Find the line holding "have area_le s" in the entries below. Give it again exactly, along with every line after it up to and including the line holding "have := tent_profile_area_trapezoid (x := p - P".

━━━━━━━━━━━━━━━━━━━━

Lemma tent_profile_area_trapezoid L g x y :
  0 <= g -> 2 * g <= L -> 0 <= x -> x <= y -> y <= L ->
  tent_profile_area L g y - tent_profile_area L g x <=
  (y - x) * (tent_profile L g x + tent_profile L g y) / 2.
Proof.
move=> ? ? ? ? ?; rewrite /tent_profile_area /tent_profile; case_piecewise; nra.
Qed.

Lemma tent_ge0 L g p s : 0 <= tent L g p s.
Proof. by rewrite /tent le_max lexx orbT. Qed.

Lemma tent_le L g p s :
  0 <= g -> 0 <= p <= L -> 0 <= s <= L -> tent L g p s <= g.
Proof.
move=> g0 pb sb; have := circ_dist_ge0 sb pb.
by rewrite /tent ge_max g0 andbT => ?; rewrite lerBlDr lerDl.
Qed.

End CircleTents.

Section CirclePacking.
Variables (R : realFieldType) (L : R) (P rho : nat -> R) (n : nat).
Hypotheses (L_ge0 : 0 <= L) (P_mono : {homo P : i j / (i <= j)%N >-> i <= j})
  (rho_ge0 : forall k, 0 <= rho k) (rho_le_half : forall k, 2 * rho k <= L)
  (rho_disjoint : forall k l, (k < l < n)%N -> 0 < rho k -> 0 < rho l ->
     rho k + rho l <= circ_dist L (P k) (P l)).

Lemma rho_gap k l : (k < l < n)%N -> 0 < rho k -> 0 < rho l ->
  rho k + rho l <= P l - P k /\ rho k + rho l <= L - (P l - P k).
Proof.
move=> kln rk rl; have := rho_disjoint kln rk rl.
case/andP: kln => /ltnW/P_mono kl _.
by rewrite circ_distE // le_min => /andP.
Qed.

(* [f] and [l] are the first and last indices below [k] with positive radius. *)
Lemma packing_prefix k : (k <= n)%N ->
  (forall j, (j < k)%N -> rho j = 0) \/
  exists f l, [/\ (f <= l < k)%N, 0 < rho f, 0 < rho l &
                  \sum_(j < k) 2 * rho j <= rho f + rho l + (P l - P f)].
Proof.
elim: k => [|k IH] kn; first by left.
have {IH} := IH (ltnW kn); rewrite big_ord_recr /=.
have [rk | rk0] := ltrP 0 (rho k).
  case=> [rho0 | [f [l [/andP[fl lk] rf rl sum_le]]]].
    right; exists k, k; split => //; first by rewrite leqnn ltnSn.
    rewrite big1 ?add0r => [|j _]; last by rewrite rho0 ?mulr0.
    lra.
  right; exists f, k; split => //; first by rewrite (leq_trans fl (ltnW lk)) ltnSn.
  have [gap _] := @rho_gap l k ltac:(by rewrite lk) rl rk.
  lra.
have {rk0} rk : rho k = 0 by apply/eqP; rewrite eq_le rk0 rho_ge0.
rewrite rk mulr0 addr0.
case=> [rho0 | [f [l [/andP[fl lk] rf rl sum_le]]]].
  by left => j; rewrite ltnS leq_eqVlt => /predU1P[->|/rho0].
by right; exists f, l; split => //; rewrite fl ltnS ltnW.
Qed.

Lemma circle_packing : \sum_(k < n) 2 * rho k <= L.
Proof.
case: (packing_prefix (leqnn n)) => [rho0 | [f [l [/andP[fl ln] rf rl sum_le]]]].
  by rewrite big1 // => k _; rewrite rho0 ?mulr0.
move: fl; rewrite leq_eqVlt => /predU1P[fl | fl].
  move: sum_le; rewrite fl subrr addr0; have := rho_le_half l; lra.
have [_ wrap] := @rho_gap f l ltac:(by rewrite fl) rf rl.
lra.
Qed.

End CirclePacking.

Section Trapezoid.
Variable R : realFieldType.
Implicit Types (P : nat -> R) (f : R -> R).

Definition trapezoid P n f :=
  \sum_(k < n) (P k.+1 - P k) * (f (P k) + f (P k.+1)) / 2.

Lemma trapezoid_sum (I : finType) P n (F : I -> R -> R) :
  \sum_(i : I) trapezoid P n (F i) = trapezoid P n (fun s => \sum_(i : I) F i s).
Proof.
rewrite exchange_big; apply: eq_bigr => k _ /=.
by rewrite -mulr_suml -mulr_sumr big_split.
Qed.

Lemma trapezoid_le_const P n f M : {homo P : i j / (i <= j)%N >-> i <= j} ->
  (forall k, (k <= n)%N -> f (P k) <= M) -> trapezoid P n f <= (P n - P 0) * M.
Proof.
move=> Pmono fM.
rewrite -(telescope_sumr (fun k => P k) (leq0n n)) big_mkord mulr_suml.
apply: ler_sum => k _.
have dP : 0 <= P k.+1 - P k by rewrite subr_ge0 Pmono.
have := fM k (ltnW (ltn_ord k)); have := fM k.+1 (ltn_ord k).
nra.
Qed.

(* The tent is convex on either side of its peak [P a], which is a node, so
   each trapezoid overestimates the area of its slice of the tent. *)
Lemma tent_area_le_trapezoid L g P n a : 0 <= g -> 2 * g <= L ->
  P 0%N = 0 -> P n = L -> {homo P : i j / (i <= j)%N >-> i <= j} -> (a <= n)%N ->
  g ^+ 2 <= trapezoid P n (tent L g (P a)).
Proof.
move=> g0 gL P0 Pn Pmono an.
pose p := P a.
pose area s := if s <= p then - tent_profile_area L g (p - s)
               else tent_profile_area L g (s - p).
have Pb k : (k <= n)%N -> 0 <= P k <= L by move=> kn; rewrite -P0 -Pn !Pmono.
have pb : 0 <= p <= L by exact: Pb.
have area_ge s : p <= s -> area s = tent_profile_area L g (s - p).
  rewrite /area => ps; case: ifP => // sp.
  have -> : s = p by apply/eqP; rewrite eq_le sp ps.
  by rewrite subrr tent_profile_area0 // oppr0.
have area_le s : s <= p -> area s = - tent_profile_area L g (p - s) by rewrite /area => ->.
have -> : g ^+ 2 = \sum_(k < n) (area (P k.+1) - area (P k)).
  rewrite -(big_mkord xpredT (fun k => area (P k.+1) - area (P k))).
  rewrite (telescope_sumr (fun k => area (P k))) // Pn P0.
  case/andP: (pb) => p0 pL.
  rewrite area_ge // area_le // subr0 opprK addrC tent_profile_areaC //.
apply: ler_sum => k _.
have Pk : P k <= P k.+1 by exact: Pmono.
have Pkb := Pb k (ltnW (ltn_ord k)); have Pk1b := Pb k.+1 (ltn_ord k).
rewrite !tentE //.
move: Pkb Pk1b pb => /andP[? ?] /andP[? ?] /andP[p0 pL].
case: (ltnP k a) => ka.
  have Pkp : P k.+1 <= p by exact: Pmono.
  rewrite !area_le ?(le_trans Pk) // !ler0_norm ?subr_le0 ?(le_trans Pk) // !opprB.
  have := tent_profile_area_trapezoid (x := p - P k.+1) (y := p - P k) g0 gL.
  move=> /(_ ltac:(lra) ltac:(lra) ltac:(lra)); lra.
have pPk : p <= P k by exact: Pmono.
rewrite !area_ge ?(le_trans pPk) // !ger0_norm ?subr_ge0 ?(le_trans pPk) //.
have := tent_profile_area_trapezoid (x := P k - p) (y := P k.+1 - p) g0 gL.
move=> /(_ ltac:(lra) ltac:(lra) ltac:(lra)); lra.
Qed.

End Trapezoid.

Lemma ordS_neq n (i : 'I_n) : (1 < n)%N -> ordS i != i.
Proof.
move=> n_gt1; apply/eqP => /(congr1 val) /=.
case: (ltnP i.+1 n) => [lt_in | ge_in]; first by rewrite modn_small //; lia.
have -> : i.+1 = n by apply/eqP; rewrite eqn_leq ge_in ltn_ord.
by rewrite modnn; lia.
Qed.

Section MetricDistance.
Variables (R : realFieldType) (n : nat) (c : 'I_n -> 'I_n -> R).
Hypothesis c_metric : metric c.

(* [c] is unconstrained on the diagonal; [dist] is [0] there. *)
Definition dist (x y : 'I_n) := if x == y then 0 else c x y.

Lemma dist_neq x y : x != y -> dist x y = c x y.
Proof. by rewrite /dist => /negbTE ->. Qed.

Lemma dist_xx x : dist x x = 0.
Proof. by rewrite /dist eqxx. Qed.

Lemma distC x y : dist x y = dist y x.
Proof.
rewrite /dist eq_sym; case: eqVneq => // yx.
by case: c_metric => c_sym _ _; rewrite c_sym // eq_sym.
Qed.

Lemma dist_ge0 x y : 0 <= dist x y.
Proof. by rewrite /dist; case: eqVneq => // xy; case: c_metric => _ c_ge0 _; apply: c_ge0. Qed.

Lemma dist_triangle x y z : dist x z <= dist x y + dist y z.
Proof.
have [->|xz] := eqVneq x z; first by rewrite dist_xx addr_ge0 ?dist_ge0.
have [->|xy] := eqVneq x y; first by rewrite dist_xx add0r.
have [->|yz] := eqVneq y z; first by rewrite dist_xx addr0.
by rewrite !dist_neq //; case: c_metric => _ _; apply.
Qed.

End MetricDistance.

Section TourPositions.
Variables (R : realFieldType) (N : nat) (c : 'I_N.+1 -> 'I_N.+1 -> R)
  (tau : 'I_N.+1 -> 'I_N.+1).
Hypotheses (c_metric : metric c) (tau_inj : injective tau).
Local Notation n := N.+1.
Local Notation d := (dist c).

Definition city (k : nat) := tau (inord k).

Definition leg (k : nat) := d (city k) (city (k.+1 %% n)).

Definition arc (k : nat) := \sum_(j < k) leg j.

Definition perimeter := arc n.

Definition position (v : 'I_n) := arc (invF tau_inj v).

Lemma arc0 : arc 0 = 0.
Proof. by rewrite /arc big_ord0. Qed.

Lemma arcS k : arc k.+1 = arc k + leg k.
Proof. by rewrite /arc big_ord_recr. Qed.

Lemma arc_mono : {homo arc : i j / (i <= j)%N >-> i <= j}.
Proof.
move=> i j /subnK <-; elim: (j - i)%N => [|k IH]; first by rewrite add0n.
by rewrite addSn arcS (le_trans IH) // lerDl dist_ge0.
Qed.

Lemma arc_bound k : (k <= n)%N -> 0 <= arc k <= perimeter.
Proof. by move=> kn; rewrite -arc0 !arc_mono. Qed.

Lemma position_bound v : 0 <= position v <= perimeter.
Proof. exact/arc_bound/ltnW. Qed.

Lemma perimeterE : (0 < N)%N -> tour_len c tau = perimeter.
Proof.
move=> N_gt0; rewrite /tour_len /perimeter /arc; apply: eq_bigr => i _.
rewrite /leg /city inord_val.
have -> : inord (i.+1 %% n) = ordS i by apply: val_inj; rewrite /= inordK // ltn_pmod.
by rewrite dist_neq // (inj_eq tau_inj) eq_sym ordS_neq.
Qed.

Lemma dist_le_arc i j : (i <= j < n)%N -> d (city i) (city j) <= arc j - arc i.
Proof.
case/andP=> /subnK <-; elim: (j - i)%N => [|k IH] lt_kin.
  by rewrite add0n dist_xx subrr.
rewrite addSn arcS; have := IH (ltnW lt_kin).
have := dist_triangle c_metric (city i) (city (k + i)) (city (k + i).+1).
by rewrite /leg modn_small //; lra.
Qed.

Lemma dist_le_wrap i j : (i <= j < n)%N ->
  d (city j) (city i) <= perimeter - (arc j - arc i).
Proof.
case/andP=> ij jn.
have to_last := @dist_le_arc j N ltac:(by rewrite -ltnS jn /=).
have from_first := @dist_le_arc 0 i ltac:(by rewrite /= (leq_ltn_trans ij jn)).
have last_leg : leg N = d (city N) (city 0) by rewrite /leg modnn.
have := dist_triangle c_metric (city j) (city N) (city i).
have := dist_triangle c_metric (city N) (city 0) (city i).
move: from_first; rewrite /perimeter arcS arc0 last_leg; lra.
Qed.

Lemma dist_le_circ_dist x y : d x y <= circ_dist perimeter (position x) (position y).
Proof.
have city_invF v : v = city (invF tau_inj v) by rewrite /city inord_val f_invF.
rewrite /position {1}(city_invF x) {1}(city_invF y).
move: (invF tau_inj x) (invF tau_inj y) => i j.
wlog ij : i j / (i <= j)%N.
  by move=> le_dist; case: (leqP i j) => [|/ltnW] /le_dist //; rewrite distC // circ_distC.
have ijn : (i <= j < n)%N by rewrite ij ltn_ord.
rewrite circ_distE ?arc_mono // le_min dist_le_arc //=.
by rewrite distC // dist_le_wrap.
Qed.

Section TwoOptimalTour.
Variable t : 'I_n -> 'I_n.
Hypotheses (N_gt0 : (0 < N)%N) (t_inj : injective t) (t_two_opt : two_optimal c t).
Local Notation L := perimeter.

Definition edge_len (m : 'I_n) := d (t m) (t (ordS m)).

Definition edge_tent (m : 'I_n) := tent L (edge_len m) (position (t m)).
Lemma lead_weight_rec a b m :
  lead_weight a b m.+4 = (x * a + (x + y) + y * b) * lead_weight a b m.+3
    - (x * a * (x + y) + x * a * (y * b) + (x + y) * (y * b)) * lead_weight a b m.+2
    + x * a * (x + y) * (y * b) * lead_weight a b m.+1.
Proof. rewrite !lead_weightS; ring. Qed.

End LeadWeight.

Section Coefficients.
Variables (R : comRingType) (p q u v s t : R).

Lemma Fcoef0 : Fcoef p q u v s t 0 = 1.
Proof.
have pword0 (pi : 'S_0) : pword pi = [::] by apply: size0nil; rewrite size_pword.
rewrite /Fcoef (eq_bigl xpredT) => [|pi]; last by rewrite avoids_213_231 pword0.
rewrite (eq_bigr (fun _ => 1)) => [|pi _]; last first.
  by rewrite pword0 /asc /des /lrmax /rlmax /lrmin /rlmin !big_ord0 !expr0 !mulr1.
by rewrite sumr_const card_Sn.
Qed.

Lemma Fcoef_minmax_words m :
  Fcoef p q u v s t m.+1 = \sum_(c <- bool_seqs m) word_weight p q u v s t (minmax_word 0 c).
Proof.
rewrite /Fcoef (eq_bigl _ _ (@avoids_213_231 m.+1)).
rewrite (eq_bigr (fun pi => word_weight p q u v s t (pword pi))) //.
rewrite -(big_map (@pword m.+1) suffix_extremal) -big_filter -(big_map (minmax_word 0) xpredT).
apply/perm_big/uniq_perm.
- by rewrite filter_uniq // map_inj_uniq ?index_enum_uniq //; exact: pword_inj.
- by rewrite map_inj_uniq ?uniq_bool_seqs //; exact: minmax_word_inj.
move=> w; rewrite mem_filter; apply/andP/mapP => [[extremal_w /mapP [pi _ w_pi]] | [c c_m ->]].
- move: extremal_w; rewrite w_pi.
  move=> /suffix_extremal_minmax_wordP /(_ (perm_pword pi)) [c size_c ->].
  by exists c; rewrite ?mem_bool_seqs ?size_c.
- split; first exact: suffix_extremal_minmax_word.
  move: c_m (perm_minmax_word 0 c); rewrite mem_bool_seqs => /eqP -> /pwordP [pi <-].
  by rewrite map_f ?mem_index_enum.
Qed.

━━━━━━━━━━━━━━━━━━━━

Exercise answer ::
have area_le s : s <= p -> area s = - tent_profile_area L g (p - s) by rewrite /area => ->.
have -> : g ^+ 2 = \sum_(k < n) (area (P k.+1) - area (P k)).
  rewrite -(big_mkord xpredT (fun k => area (P k.+1) - area (P k))).
  rewrite (telescope_sumr (fun k => area (P k))) // Pn P0.
  case/andP: (pb) => p0 pL.
  rewrite area_ge // area_le // subr0 opprK addrC tent_profile_areaC //.
apply: ler_sum => k _.
have Pk : P k <= P k.+1 by exact: Pmono.
have Pkb := Pb k (ltnW (ltn_ord k)); have Pk1b := Pb k.+1 (ltn_ord k).
rewrite !tentE //.
move: Pkb Pk1b pb => /andP[? ?] /andP[? ?] /andP[p0 pL].
case: (ltnP k a) => ka.
  have Pkp : P k.+1 <= p by exact: Pmono.
  rewrite !area_le ?(le_trans Pk) // !ler0_norm ?subr_le0 ?(le_trans Pk) // !opprB.
  have := tent_profile_area_trapezoid (x := p - P k.+1) (y := p - P k) g0 gL.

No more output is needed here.